上旬は墨とPathのWebサイトを作るためにAstroを再学習した。元々はStudioなどで行おうかと思っていたが、スマ納めのWeb制作の話も上がってきていて、試しにやってみようと思い。Copilotを導入したので困ったところも比較的楽に解決できたし、自分のポートフォリオの作り直しはかなりヘビーで腰が上がらなかったものの、これくらいの単ページのサイトは1週間くらいで作ることができた。リハビリにもなってよかった。また、コンテンツ更新のためにCMSとしてSanityも導入している。

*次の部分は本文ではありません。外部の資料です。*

Definition edom (g : V -> \bar R) : set V := [set x | g x < +oo].

Definition never_minfty (g : V -> \bar R) : Prop := forall x, -oo < g x.

Definition proper_fun (g : V -> \bar R) : Prop :=
  never_minfty g /\ exists x, g x < +oo.

Definition closed_fun (g : V -> \bar R) : Prop :=
  forall (alpha : R) (x : V),
    (forall eps : R, (0 < eps)%R ->
       exists y : V, (enorm (y - x) < eps)%R /\ g y <= alpha%:E) ->
    g x <= alpha%:E.

Definition econvex (g : V -> \bar R) : Prop :=
  forall (x y : V) (t : R), (0 <= t <= 1)%R ->
    g (t *: x + (1 - t) *: y)%R <= t%:E * g x + (1 - t)%:E * g y.

Definition weakly_convex (rho : R) (g : V -> \bar R) : Prop :=
  econvex (fun z => g z + (rho / 2 * enorm z ^+ 2)%:E).

Definition locally_lipschitz (l : V -> R) : Prop :=
  forall x : V, exists delta C : R, (0 < delta)%R /\
    forall y z, (enorm (y - x) < delta)%R -> (enorm (z - x) < delta)%R ->
      (`|l y - l z| <= C * enorm (y - z))%R.

Definition lipschitz_on (L : R) (S : set V) (h : V -> R) : Prop :=
  forall y z, S y -> S z -> (`|h y - h z| <= L * enorm (y - z))%R.

Definition addfe (l : V -> R) (r : V -> \bar R) : V -> \bar R :=
  fun y => (l y)%:E + r y.

(* One-sided model family {f_x = lm x + r} for f = l + r with constants
   tau, L, rho (lm x y stands for l_x(y)) *)
Definition one_sided_model (l : V -> R) (r : V -> \bar R) (lm : V -> V -> R)
    (tau L rho : R) : Prop :=
  closed_fun r /\ locally_lipschitz l /\
  forall x : V,
    lipschitz_on L (edom r) (lm x) /\
    lm x x = l x /\
    (forall y, (lm x y - l y <= tau * enorm (y - x) ^+ 2)%R) /\
    weakly_convex rho (addfe (lm x) r).

Definition is_argmin (g : V -> \bar R) (y : V) : Prop :=
  forall z, g y <= g z.

Definition is_prox (mu : R) (f : V -> \bar R) (x p : V) : Prop :=
  is_argmin (fun y => f y + (1 / (2 * mu) * enorm (y - x) ^+ 2)%:E) p.

End Defs.

(* Notation: phi = f + ||. - x0||^2/(2 mu) is the prox objective, p its minimiser,
   alpha = 1/mu - rho > 0, D_k = ||x_k - p||^2 and c = 16 L^2 / alpha^2.

   A minimiser ys of g + q ||. - c0||^2, with g rho-weakly convex,
      satisfies the quadratic growth bound
        g ys + q ||ys - c0||^2 + (q - rho/2) ||z - ys||^2 <= g z + q ||z - c0||^2
      (compare ys with the points of the segment [ys, z] and let them tend to ys).
   2. One iteration.  Growth of the k-th subproblem at z = p plus growth of phi at
      z = x_{k+1} give a descent inequality for D_{k+1}, whose error term (the gap of
      the one-sided model) is at most 2 L times a step length because tau = 0.
      Absorbing this error yields D_1 <= D_0/4 + c/4 and, for k >= 1,
        (k + 5) D_{k+1} <= (k + 1) D_k + c/(k + 1).
   3. Arithmetic.  By induction D_j <= 6 D_0/((j+1)(j+2)(j+3)) + c/(2(j+1)); with the
      weights j + 1 these bounds telescope, Jensen's inequality transfers the weighted
      sum to the average xbar, and the lower bound on K gives the claimed accuracy. *)

From HB Require Import structures.
From mathcomp Require Import all_boot all_order all_algebra.
From mathcomp Require Import all_classical all_reals.
From mathcomp Require Import ring lra.
Set Implicit Arguments. Unset Strict Implicit. Unset Printing Implicit Defensive.
Import Order.TTheory GRing.Theory Num.Theory.
Local Open Scope ring_scope.
From HB Require Import structures.
From mathcomp Require Import all_boot all_algebra.
From mathcomp Require Import reals Rstruct complex.
From mathcomp Require Import zify ring.
Import GRing.Theory Num.Theory.
Local Open Scope ring_scope.

(* The coefficient vector h of H solves G h = e_xi for the prescribed Gram
   matrix G of the realization: H is orthogonal to every screening vector and
   (xi, H) = 1, so (H, H) = h_xi = l_n(k), which vanishes for a single value
   of k.  For K != 0 the matrix G is nondegenerate, so a combination u with
   coefficients c that is orthogonal to all screening vectors satisfies
   G (c - (xi, u) h) = 0, i.e. u = (xi, u) H. *)

Lemma bform_sumr N (I : Type) (s : seq I) (c : I -> C) (u : 'rV[C]_N)
    (w : I -> 'rV[C]_N) :
  bform u (\sum_(x <- s) c x *: w x) = \sum_(x <- s) c x * bform u (w x).
Proof.
rewrite /bform raddf_sum mulmx_sumr summxE; apply: eq_bigr => x _ /=.
by rewrite linearZ -scalemxAr mxE.
Qed.

Lemma bformZr N (u w : 'rV[C]_N) a : bform u (a *: w) = a * bform u w.
Proof. by rewrite /bform linearZ -scalemxAr mxE. Qed.

Lemma bformC N (u w : 'rV[C]_N) : bform u w = bform w u.
Proof. by rewrite /bform -[u *m w^T]trmxK trmx_mul trmxK mxE. Qed.

Lemma commutes_with_screeningE N (s u : 'rV[C]_N) :
  commutes_with_screening s u <-> bform s u = 0.
Proof.
rewrite /commutes_with_screening /screening_residue_coef.
by split=> [/eqP|->]; rewrite ?oppr0 // oppr_eq0 => /eqP.
Qed.

Definition gram_apply {I : eqType} (s : seq I) (G : I -> I -> C) (d : I -> C)
  (y : I) : C := \sum_(x <- s) d x * G y x.

Definition restrict {I : eqType} (s : seq I) (f : I -> C) (x : I) : C :=
  if x \in s then f x else 0.

Lemma restrict_in {I : eqType} {s : seq I} (f : I -> C) {x : I} :
  x \in s -> restrict s f x = f x.
Proof. by rewrite /restrict => ->. Qed.

Lemma restrict_out {I : eqType} {s : seq I} (f : I -> C) {x : I} :
  x \notin s -> restrict s f x = 0.
Proof. by rewrite /restrict => /negbTE ->. Qed.

Section DualVector.

Context {N : nat} {I : eqType} {s : seq I} {G : I -> I -> C}.
Context {v : I -> 'rV[C]_N}.
Hypothesis v_gram : forall x y, x \in s -> y \in s -> bform (v x) (v y) = G x y.

Lemma bform_span d y : y \in s ->
  bform (v y) (\sum_(x <- s) d x *: v x) = gram_apply s G d y.
Proof.
by move=> ys; rewrite bform_sumr; apply: eq_big_seq => x xs; rewrite v_gram.
Qed.

Context {x0 : I} {h : I -> C}.
Hypothesis h_dual : forall y, y \in s -> gram_apply s G h y = (y == x0)%:R.
Let H := \sum_(x <- s) h x *: v x.

Lemma bform_dual y : y \in s -> bform (v y) H = (y == x0)%:R.
Proof. by move=> ys; rewrite bform_span ?h_dual. Qed.

Lemma bform_dual_self : uniq s -> x0 \in s -> bform H H = h x0.
Proof.
move=> s_uniq x0s; rewrite {2}/H bform_sumr.
rewrite (eq_big_seq (fun x => h x * (x == x0)%:R)) => [|x xs]; last first.
  by rewrite bformC bform_dual.
rewrite (big_rem x0) //= eqxx mulr1 big1_seq ?addr0 // => x /andP[_ xrem].
have [ex|] := eqVneq x x0; last by rewrite mulr0.
by rewrite ex mem_rem_uniqF in xrem.
Qed.

Lemma dual_neq0 : uniq s -> x0 \in s -> h x0 != 0 -> H != 0.
Proof.
move=> s_uniq x0s; apply: contra_neq => H0.
by rewrite -bform_dual_self // H0 /bform mul0mx mxE.
Qed.

Hypothesis G_nondeg : forall d, (forall y, y \in s -> gram_apply s G d y = 0) ->
  {in s, forall x, d x = 0}.

Lemma orthogonal_dualP c :
  (forall y, y \in s -> y != x0 -> bform (v y) (\sum_(x <- s) c x *: v x) = 0)
  <-> exists a, \sum_(x <- s) c x *: v x = a *: H.
Proof.
split=> [c_orth | [a ->] y ys yx0]; last first.
  by rewrite bformZr bform_dual // (negbTE yx0) mulr0.
set a := bform (v x0) (\sum_(x <- s) c x *: v x).
have ker y : y \in s -> gram_apply s G (fun x => c x - a * h x) y = 0.
  move=> ys; transitivity (gram_apply s G c y - a * gram_apply s G h y).
    by rewrite /gram_apply mulr_sumr -sumrB; apply: eq_bigr => x _; ring.
  rewrite -bform_span // h_dual //; have [->|yx0] := eqVneq y x0.
    by rewrite mulr1 subrr.
  by rewrite c_orth // mulr0 subr0.
exists a; rewrite /H scaler_sumr; apply: eq_big_seq => x xs; rewrite scalerA.
congr (_ *: _); apply/eqP; rewrite -subr_eq0; apply/eqP.
exact: G_nondeg ker x xs.
Qed.

End DualVector.

Lemma second_diff0_affine {R : comPzRingType} {a : nat -> R} {L : nat} :
  (forall i, (0 < i < L)%N -> 2 * a i - a i.+1 - a i.-1 = 0) ->
  forall i, (i <= L)%N -> a i = a 0%N + i%:R * (a 1%N - a 0%N).
Proof.
move=> rec.
have step i : (i < L)%N -> a i.+1 - a i = a 1%N - a 0%N.
  elim: i => [//|i IH] iL; rewrite -IH; last by lia.
  by rewrite -[LHS]addr0 -(rec i.+1) /=; [ring | lia].
elim=> [|i IH] iL; first by rewrite mul0r addr0.
rewrite -[a i.+1](subrK (a i)) step // IH; last by lia.
by rewrite -natr1; ring.
Qed.

Lemma second_diff0_end0 {R : comPzRingType} {a : nat -> R} {L : nat} :
  (forall i, (0 < i < L)%N -> 2 * a i - a i.+1 - a i.-1 = 0) -> a L = 0 ->
  forall i, (i <= L)%N -> L%:R * a i = (L%:R - i%:R) * a 0%N.
Proof.
move=> rec aL0 i iL.
have slope : L%:R * (a 1%N - a 0%N) = - a 0%N.
  by apply/eqP; rewrite -addr_eq0 addrC -(second_diff0_affine rec L) ?aL0.
by rewrite (second_diff0_affine rec i iL) mulrDr mulrCA slope; ring.
Qed.

Lemma VA_inj : injective VA. Proof. by move=> i j []. Qed.
Lemma VB_inj : injective VB. Proof. by move=> i j []. Qed.

Lemma mem_map_VA (s : seq nat) x :
  (x \in [seq VA i | i <- s]) = if x is VA j then j \in s else false.
Proof.
by case: x => [j|j|||]; rewrite ?(mem_map VA_inj) //; apply/negbTE/mapP => -[].
Qed.

Lemma mem_map_VB (s : seq nat) x :
  (x \in [seq VB i | i <- s]) = if x is VB j then j \in s else false.
Proof.
by case: x => [j|j|||]; rewrite ?(mem_map VB_inj) //; apply/negbTE/mapP => -[].
Qed.

Lemma mem_labels n m x : (x \in labels n m) =
  match x with
  | VA j => (0 < j < n - m)%N
  | VB j => (0 < j < m)%N
  | VP => (m < n)%N
  | VM => (0 < m)%N
  | VX => true
  end.
Proof.
rewrite /labels !mem_cat mem_map_VA mem_map_VB.
by case: x => [j|j|||]; rewrite ?mem_iota; do 2!case: ifP;
  rewrite ?inE /eq_op /=; lia.
Qed.

Lemma labels_uniq n m : uniq (labels n m).
Proof.
rewrite /labels !cat_uniq !has_cat !has_map (map_inj_uniq VA_inj).
rewrite (map_inj_uniq VB_inj) !iota_uniq.
by case: ifP; case: ifP => _ _ /=;
  rewrite ?mem_map_VA ?mem_map_VB ?inE /eq_op /= ?orbF ?andbT;
  apply/hasPn => j _; rewrite /= mem_map_VA.
Qed.

Lemma big_labels (V : nmodType) n m (F : vlabel -> V) :
  (forall x, x \notin labels n m -> F x = 0) ->
  \sum_(x <- labels n m) F x = \sum_(j <- iota 1 (n - m - 1)) F (VA j)
    + \sum_(j <- iota 1 (m - 1)) F (VB j) + F VP + F VM + F VX.
Proof.
move=> F_supp; rewrite /labels !big_cat !big_map /= !addrA.
have FP : (m < n)%N = false -> F VP = 0.
  by move=> mn; rewrite F_supp ?mem_labels ?mn.
have FM : (0 < m)%N = false -> F VM = 0.
  by move=> m0; rewrite F_supp ?mem_labels ?m0.
by case: ifP => [_|/FP->]; case: ifP => [_|/FM->];
  rewrite !big_cons !big_nil ?addr0.
Qed.

Lemma sumr_mul0 (I : Type) (r : seq I) (F : I -> C) : \sum_(i <- r) F i * 0 = 0.
Proof. by rewrite big1 // => i _; rewrite mulr0. Qed.

Lemma sum_iota_pick (F : nat -> C) c p i : (~~ (0 < i <= p)%N -> F i = 0) ->
  \sum_(j <- iota 1 p) F j * (if j == i then c else 0) = F i * c.
Proof.
move=> F_out; rewrite (eq_bigr (fun j => if j == i then F j * c else 0)).
  have -> : iota 1 p = index_iota 1 p.+1 by rewrite /index_iota subn1.
  rewrite -big_mkcond big_nat1_eq ltnS.
  by case: ifP => // /negbT/F_out ->; rewrite mul0r.
by move=> j _; case: ifP; rewrite ?mulr0.
Qed.

Definition tridiag (K : C) (i j : nat) : C :=
  if i == j then 2 * K else if (i.+1 == j) || (j.+1 == i) then - K else 0.

(* The coefficients along one arm of the diagram: index 0 is the node psi+
   (resp. psi-), carrying e, and index j > 0 is a_j (resp. a_-j); the value
   a 0 is ignored. *)
Definition arm (e : C) (a : nat -> C) (j : nat) : C := if j is 0 then e else a j.

Lemma sum_tridiag_arm K (e : C) (a : nat -> C) p i : (0 < i <= p)%N ->
  a 0%N = 0 -> a p.+1 = 0 ->
  \sum_(j <- iota 1 p) a j * tridiag K i j + e * (if i == 1%N then - K else 0)
  = K * (2 * arm e a i - arm e a i.+1 - arm e a i.-1).
Proof.
move=> ip a0 ap.
have tridiagE j : tridiag K i j = (if j == i then 2 * K else 0)
    + (if j == i.+1 then - K else 0) + (if j == i.-1 then - K else 0).
  by rewrite /tridiag; do ![case: ifP => ?]; rewrite ?addr0 ?add0r //; lia.
under eq_bigr do rewrite tridiagE !mulrDr.
rewrite !big_split /= !sum_iota_pick; last 3 first.
- by move=> out; rewrite (_ : i.-1 = 0%N) //; lia.
- by move=> out; rewrite (_ : i.+1 = p.+1) //; lia.
- by rewrite ip.
by case: i ip {tridiagE} => [//|[|i]] _ /=; rewrite ?a0; ring.
Qed.

Section GramKernel.

Context {n m : nat} {K : C} {d : vlabel -> C}.
Hypothesis d_supp : forall x, x \notin labels n m -> d x = 0.
Local Notation Gd := (gram_apply (labels n m) (gram K) d).
Local Notation armA := (arm (d VP) (d \o VA)).
Local Notation armB := (arm (d VM) (d \o VB)).

Lemma gram_apply_labels y : Gd y =
  \sum_(j <- iota 1 (n - m - 1)) d (VA j) * gram K y (VA j)
  + \sum_(j <- iota 1 (m - 1)) d (VB j) * gram K y (VB j)
  + d VP * gram K y VP + d VM * gram K y VM + d VX * gram K y VX.
Proof. by rewrite /gram_apply big_labels // => x /d_supp ->; rewrite mul0r. Qed.

Lemma gram_row_VX : Gd VX = d VP - d VM.
Proof.
by rewrite gram_apply_labels /= !sumr_mul0 mulr1 mulrN1 mulr0 !add0r addr0.
Qed.

Lemma gram_row_VP : Gd VP = - K * d (VA 1) + d VP + (K - 1) * d VM + d VX.
Proof.
rewrite gram_apply_labels /= sumr_mul0 sum_iota_pick => [|out]; first by ring.
by apply: d_supp; rewrite mem_labels; lia.
Qed.

Lemma gram_row_VM : Gd VM = - K * d (VB 1) + (K - 1) * d VP + d VM - d VX.
Proof.
rewrite gram_apply_labels /= sumr_mul0 sum_iota_pick => [|out]; first by ring.
by apply: d_supp; rewrite mem_labels; lia.
Qed.

Lemma gram_row_VA i : (0 < i < n - m)%N ->
  Gd (VA i) = K * (2 * armA i - armA i.+1 - armA i.-1).
Proof.
move=> i_in; rewrite gram_apply_labels /= sumr_mul0 !mulr0 !addr0.
by apply: sum_tridiag_arm; [lia | apply: d_supp; rewrite mem_labels; lia ..].
Qed.

Lemma gram_row_VB i : (0 < i < m)%N ->
  Gd (VB i) = K * (2 * armB i - armB i.+1 - armB i.-1).
Proof.
move=> i_in; rewrite gram_apply_labels /= sumr_mul0 !mulr0 add0r !addr0.
by apply: sum_tridiag_arm; [lia | apply: d_supp; rewrite mem_labels; lia ..].
Qed.
(* Let $A,B$ be finite-dimensional Hilbert spaces, $\rho$ a density matrix on $A\otimes B$, and $|\phi\rangle\in A\otimes B$ a pure state of Schmidt rank at most $r$. Let $W\subseteq A$ be a subspace with orthogonal projection $\Pi_W$ such that $\|(I-\Pi_W)\,\mathrm{tr}_B(\rho)\,(I-\Pi_W)\|_\infty\le\eta$. Then \[ \big|\langle\phi|(\Pi_W\otimes I)\rho(\Pi_W\otimes I)|\phi\rangle-\langle\phi|\rho|\phi\rangle\big|\le 2r\sqrt\eta. \]
   Context: $\|\cdot\|_\infty$ is the operator norm; the Schmidt rank of $|\phi\rangle$ is the rank of its Schmidt decomposition with respect to the bipartition $A\otimes B$. *)

(* finite-dimensional Hilbert spaces A = C^m, B = C^n over
   an arbitrary numClosedFieldType C (e.g. complex R for R : realType, or C); A (x) B = C^(m*n) via mxtens. *)
From HB Require Import structures.
From mathcomp Require Import all_boot all_order all_algebra all_field.
From mathcomp Require Import mxtens.
Set Implicit Arguments. Unset Strict Implicit. Unset Printing Implicit Defensive.
Import Order.TTheory GRing.Theory Num.Theory.
Local Open Scope ring_scope.

Section QDefs.
Variable C : numClosedFieldType.

Definition adj {m n : nat} (M : 'M[C]_(m, n)) : 'M[C]_(n, m) :=
  (map_mx (fun z : C => z^*) M)^T.

Definition dotv {m : nat} (u v : 'cV[C]_m) : C := (adj u *m v) 0 0.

今までは過去にmicro CMSを少し触ったことがある程度だったが、改めて学習し直すことができたし、最初のハードルはやや高いけどカスタマイズ性が高くてかなりいい。なめサンの記事やオンラインのチュートリアルに助けられた。Portable Textはいまだによくわかっていないのだが。あと、yarnを使っていたがpnpmに変えた。変化はあんまり感じてないけど。その後も初収録や編集を行なっていた。編集はSpeed Editorを持っているのもありDaVinci Resolveで行ったのだが、まあ出来はするものの便利という感じではなかったので次回以降AuditionやProToolsといった別のソフトウェアも試していきたい。

日本の免許証からフランスの免許証への切り替え申請が無事終わって、フランスの免許証をゲットした。こちらで運転をするつもりはあまりないのだが、引っ越しなどで使うかもしれないし、パリは嫌でも地方に行ったときには機会があるかもしれないと思い。フランス移住後1年以内なら申請だけで切り替えできるのだが、1年経ってしまうとこっちの車校的な手続きを踏む必要がある。また、保険証(Carte Vitale)も受け取った。こっちにきてすぐ手続きしたのに、受け取ったのは11月。それまでに何度も連絡したり書類を提出したりと、前々から手続きが遅いだの対応が悪いだのという悪評はブログで目にしていたが、実際そうだった。しかもパソコンだとたびたびログインに失敗する。なんなんだ…

11月くらいから寒い日が増えてきて、0度に近い日は極厚のダウンでなんとかしていたのだが、耳だけは防ぎようがないので、ニット帽を買うことにした。色々と検討した結果結局Salomonに。こっちにきてからサロモン大好きな人になっている。
月の途中に、またもメンタルが不安定になり、ふと雑司ヶ谷さんが自分に刺さることを昔ツイートしていたことを思い出してその本について聞いた。教えてもらったのはアドラー心理学の『嫌われる勇気』『幸せになる勇気』という本だったのだが、これが非常によかった。アドラー心理学は過去に漫画か何かで見たことがあったのだが、最近SNSに精神を振り回されている自分を俯瞰してみることができたし、異なる考え方に触れて気持ちが楽になったと思う。もちろんこの日から180度変わったわけじゃなくて、また時間が経つと凝り固まってしまうところはある。でも、その度に読み直せるものがあるだけで心の拠り所になってくれると思う。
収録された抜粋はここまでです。